How many lines in the data below include the word "Lemma"? Respond with the number, nothing more.

┌─ Given records

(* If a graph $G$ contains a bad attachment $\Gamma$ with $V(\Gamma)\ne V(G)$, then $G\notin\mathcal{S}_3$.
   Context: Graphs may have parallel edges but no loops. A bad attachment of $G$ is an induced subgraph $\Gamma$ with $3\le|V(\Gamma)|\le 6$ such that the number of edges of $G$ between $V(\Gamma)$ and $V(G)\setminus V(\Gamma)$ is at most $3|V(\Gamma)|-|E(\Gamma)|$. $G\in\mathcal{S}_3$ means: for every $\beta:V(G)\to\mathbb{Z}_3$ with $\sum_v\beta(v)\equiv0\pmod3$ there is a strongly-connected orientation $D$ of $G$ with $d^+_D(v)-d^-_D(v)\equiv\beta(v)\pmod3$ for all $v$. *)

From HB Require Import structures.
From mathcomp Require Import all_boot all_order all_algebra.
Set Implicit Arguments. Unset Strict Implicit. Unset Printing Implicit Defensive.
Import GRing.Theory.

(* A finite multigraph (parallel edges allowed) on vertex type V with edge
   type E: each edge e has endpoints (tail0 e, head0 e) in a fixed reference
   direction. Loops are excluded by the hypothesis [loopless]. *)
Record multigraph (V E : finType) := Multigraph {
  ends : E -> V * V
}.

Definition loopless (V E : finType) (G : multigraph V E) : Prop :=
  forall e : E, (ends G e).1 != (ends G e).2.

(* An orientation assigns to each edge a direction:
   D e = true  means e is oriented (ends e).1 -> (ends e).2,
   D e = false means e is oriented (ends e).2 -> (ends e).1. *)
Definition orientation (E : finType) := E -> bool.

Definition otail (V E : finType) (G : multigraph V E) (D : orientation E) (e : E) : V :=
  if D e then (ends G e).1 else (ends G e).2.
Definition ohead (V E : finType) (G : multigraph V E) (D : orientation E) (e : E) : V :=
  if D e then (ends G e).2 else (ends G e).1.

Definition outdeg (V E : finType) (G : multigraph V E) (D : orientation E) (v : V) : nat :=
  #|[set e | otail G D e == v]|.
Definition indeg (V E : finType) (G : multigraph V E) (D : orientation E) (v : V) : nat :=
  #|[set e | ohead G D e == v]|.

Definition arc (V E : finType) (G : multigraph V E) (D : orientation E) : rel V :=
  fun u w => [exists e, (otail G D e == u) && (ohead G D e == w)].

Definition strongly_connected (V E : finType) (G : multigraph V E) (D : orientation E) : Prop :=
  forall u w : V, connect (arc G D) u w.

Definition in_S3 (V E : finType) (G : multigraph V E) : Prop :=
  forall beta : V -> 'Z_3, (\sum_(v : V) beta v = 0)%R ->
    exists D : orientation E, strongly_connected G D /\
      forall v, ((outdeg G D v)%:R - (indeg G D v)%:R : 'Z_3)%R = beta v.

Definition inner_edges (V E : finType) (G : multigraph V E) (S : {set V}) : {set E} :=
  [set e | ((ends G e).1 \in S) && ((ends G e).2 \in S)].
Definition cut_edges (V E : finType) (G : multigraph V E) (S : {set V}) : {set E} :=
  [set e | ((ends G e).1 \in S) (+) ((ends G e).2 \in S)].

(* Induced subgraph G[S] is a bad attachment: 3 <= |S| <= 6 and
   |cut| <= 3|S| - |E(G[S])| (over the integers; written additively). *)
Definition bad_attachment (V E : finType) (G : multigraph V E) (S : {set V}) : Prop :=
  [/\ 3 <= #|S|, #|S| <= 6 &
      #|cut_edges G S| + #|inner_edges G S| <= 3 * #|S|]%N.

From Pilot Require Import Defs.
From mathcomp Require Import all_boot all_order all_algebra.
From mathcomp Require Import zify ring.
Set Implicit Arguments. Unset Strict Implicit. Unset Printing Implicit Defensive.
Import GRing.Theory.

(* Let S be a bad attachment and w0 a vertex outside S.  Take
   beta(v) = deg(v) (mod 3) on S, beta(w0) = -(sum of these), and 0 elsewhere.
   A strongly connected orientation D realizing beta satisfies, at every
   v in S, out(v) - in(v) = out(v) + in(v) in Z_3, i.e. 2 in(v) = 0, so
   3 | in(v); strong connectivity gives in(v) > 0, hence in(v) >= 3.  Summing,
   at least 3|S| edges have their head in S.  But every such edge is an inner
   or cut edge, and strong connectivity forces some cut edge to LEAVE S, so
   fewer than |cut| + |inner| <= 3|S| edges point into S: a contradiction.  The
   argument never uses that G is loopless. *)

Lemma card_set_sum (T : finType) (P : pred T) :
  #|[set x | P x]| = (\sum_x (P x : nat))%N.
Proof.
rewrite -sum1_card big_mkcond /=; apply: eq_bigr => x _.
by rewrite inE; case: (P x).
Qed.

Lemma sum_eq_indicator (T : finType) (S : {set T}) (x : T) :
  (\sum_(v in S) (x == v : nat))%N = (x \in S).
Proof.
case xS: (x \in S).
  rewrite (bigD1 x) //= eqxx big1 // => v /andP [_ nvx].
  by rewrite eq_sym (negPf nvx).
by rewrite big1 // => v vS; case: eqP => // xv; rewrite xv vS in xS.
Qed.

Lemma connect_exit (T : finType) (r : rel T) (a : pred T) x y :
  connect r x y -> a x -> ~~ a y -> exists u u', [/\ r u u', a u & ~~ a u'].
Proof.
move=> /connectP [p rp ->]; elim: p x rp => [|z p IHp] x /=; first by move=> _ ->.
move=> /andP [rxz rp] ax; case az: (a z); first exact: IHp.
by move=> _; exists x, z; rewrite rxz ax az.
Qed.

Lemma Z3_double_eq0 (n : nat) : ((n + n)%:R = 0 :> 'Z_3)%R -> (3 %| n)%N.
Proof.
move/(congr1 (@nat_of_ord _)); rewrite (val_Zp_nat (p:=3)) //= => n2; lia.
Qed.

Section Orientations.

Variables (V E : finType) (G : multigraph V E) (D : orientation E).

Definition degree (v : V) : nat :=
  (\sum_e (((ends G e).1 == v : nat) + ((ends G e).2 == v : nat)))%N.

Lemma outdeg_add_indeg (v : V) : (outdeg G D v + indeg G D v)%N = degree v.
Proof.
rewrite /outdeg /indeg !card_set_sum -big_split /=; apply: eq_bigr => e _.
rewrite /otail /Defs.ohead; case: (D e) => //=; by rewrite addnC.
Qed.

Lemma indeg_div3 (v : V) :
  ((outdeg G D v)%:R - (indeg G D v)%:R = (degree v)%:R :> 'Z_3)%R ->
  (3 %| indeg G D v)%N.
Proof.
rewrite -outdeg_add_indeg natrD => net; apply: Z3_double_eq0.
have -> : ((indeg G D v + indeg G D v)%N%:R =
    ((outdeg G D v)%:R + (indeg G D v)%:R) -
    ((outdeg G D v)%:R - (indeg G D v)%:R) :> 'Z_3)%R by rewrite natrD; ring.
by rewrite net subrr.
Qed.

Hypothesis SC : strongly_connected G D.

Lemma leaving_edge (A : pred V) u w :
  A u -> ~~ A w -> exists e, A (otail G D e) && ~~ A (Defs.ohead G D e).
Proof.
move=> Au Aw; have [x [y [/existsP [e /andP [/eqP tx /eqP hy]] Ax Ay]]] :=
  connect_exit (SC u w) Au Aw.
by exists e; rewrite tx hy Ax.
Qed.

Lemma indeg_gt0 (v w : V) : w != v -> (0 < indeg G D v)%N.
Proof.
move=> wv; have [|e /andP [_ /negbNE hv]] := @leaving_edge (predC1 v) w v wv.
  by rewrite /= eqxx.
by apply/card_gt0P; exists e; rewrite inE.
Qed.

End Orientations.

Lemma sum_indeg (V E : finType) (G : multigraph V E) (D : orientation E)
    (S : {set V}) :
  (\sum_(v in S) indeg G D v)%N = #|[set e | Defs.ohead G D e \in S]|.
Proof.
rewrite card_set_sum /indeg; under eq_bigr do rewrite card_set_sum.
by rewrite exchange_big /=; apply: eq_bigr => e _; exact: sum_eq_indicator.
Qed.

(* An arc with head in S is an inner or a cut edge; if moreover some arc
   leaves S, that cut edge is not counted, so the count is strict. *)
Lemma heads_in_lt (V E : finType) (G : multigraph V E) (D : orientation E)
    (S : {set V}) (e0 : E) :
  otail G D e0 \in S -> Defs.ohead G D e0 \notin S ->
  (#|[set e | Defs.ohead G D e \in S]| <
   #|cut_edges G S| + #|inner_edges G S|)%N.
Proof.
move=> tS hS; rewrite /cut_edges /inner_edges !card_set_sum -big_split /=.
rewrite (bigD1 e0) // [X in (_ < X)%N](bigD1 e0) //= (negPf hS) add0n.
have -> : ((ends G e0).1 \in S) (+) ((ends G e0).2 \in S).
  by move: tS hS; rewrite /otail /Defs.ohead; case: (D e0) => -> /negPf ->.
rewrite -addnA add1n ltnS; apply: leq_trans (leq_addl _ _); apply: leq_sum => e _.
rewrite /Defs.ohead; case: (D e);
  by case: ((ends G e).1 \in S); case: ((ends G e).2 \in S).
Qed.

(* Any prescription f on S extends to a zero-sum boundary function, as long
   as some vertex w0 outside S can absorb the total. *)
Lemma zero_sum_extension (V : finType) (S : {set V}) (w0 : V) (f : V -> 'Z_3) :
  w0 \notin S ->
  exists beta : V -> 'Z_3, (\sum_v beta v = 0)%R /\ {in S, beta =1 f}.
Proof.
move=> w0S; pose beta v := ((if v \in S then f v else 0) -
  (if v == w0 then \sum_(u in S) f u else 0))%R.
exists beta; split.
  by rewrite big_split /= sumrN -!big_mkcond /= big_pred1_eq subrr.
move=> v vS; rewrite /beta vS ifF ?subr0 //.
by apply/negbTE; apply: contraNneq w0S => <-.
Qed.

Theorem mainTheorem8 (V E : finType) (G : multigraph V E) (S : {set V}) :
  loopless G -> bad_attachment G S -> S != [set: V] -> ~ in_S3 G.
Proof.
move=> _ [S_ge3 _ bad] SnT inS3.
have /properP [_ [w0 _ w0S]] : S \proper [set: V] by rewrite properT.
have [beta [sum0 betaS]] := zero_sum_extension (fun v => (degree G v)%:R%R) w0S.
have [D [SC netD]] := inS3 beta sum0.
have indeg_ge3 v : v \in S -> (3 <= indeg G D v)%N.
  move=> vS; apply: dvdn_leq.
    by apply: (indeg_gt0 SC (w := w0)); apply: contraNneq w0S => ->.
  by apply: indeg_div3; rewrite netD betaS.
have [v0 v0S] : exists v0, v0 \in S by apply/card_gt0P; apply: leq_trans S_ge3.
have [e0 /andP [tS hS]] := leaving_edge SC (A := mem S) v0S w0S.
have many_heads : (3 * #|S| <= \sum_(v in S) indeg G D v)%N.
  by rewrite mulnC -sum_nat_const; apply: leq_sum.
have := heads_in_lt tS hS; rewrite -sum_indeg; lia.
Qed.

└─

*Solution:* 11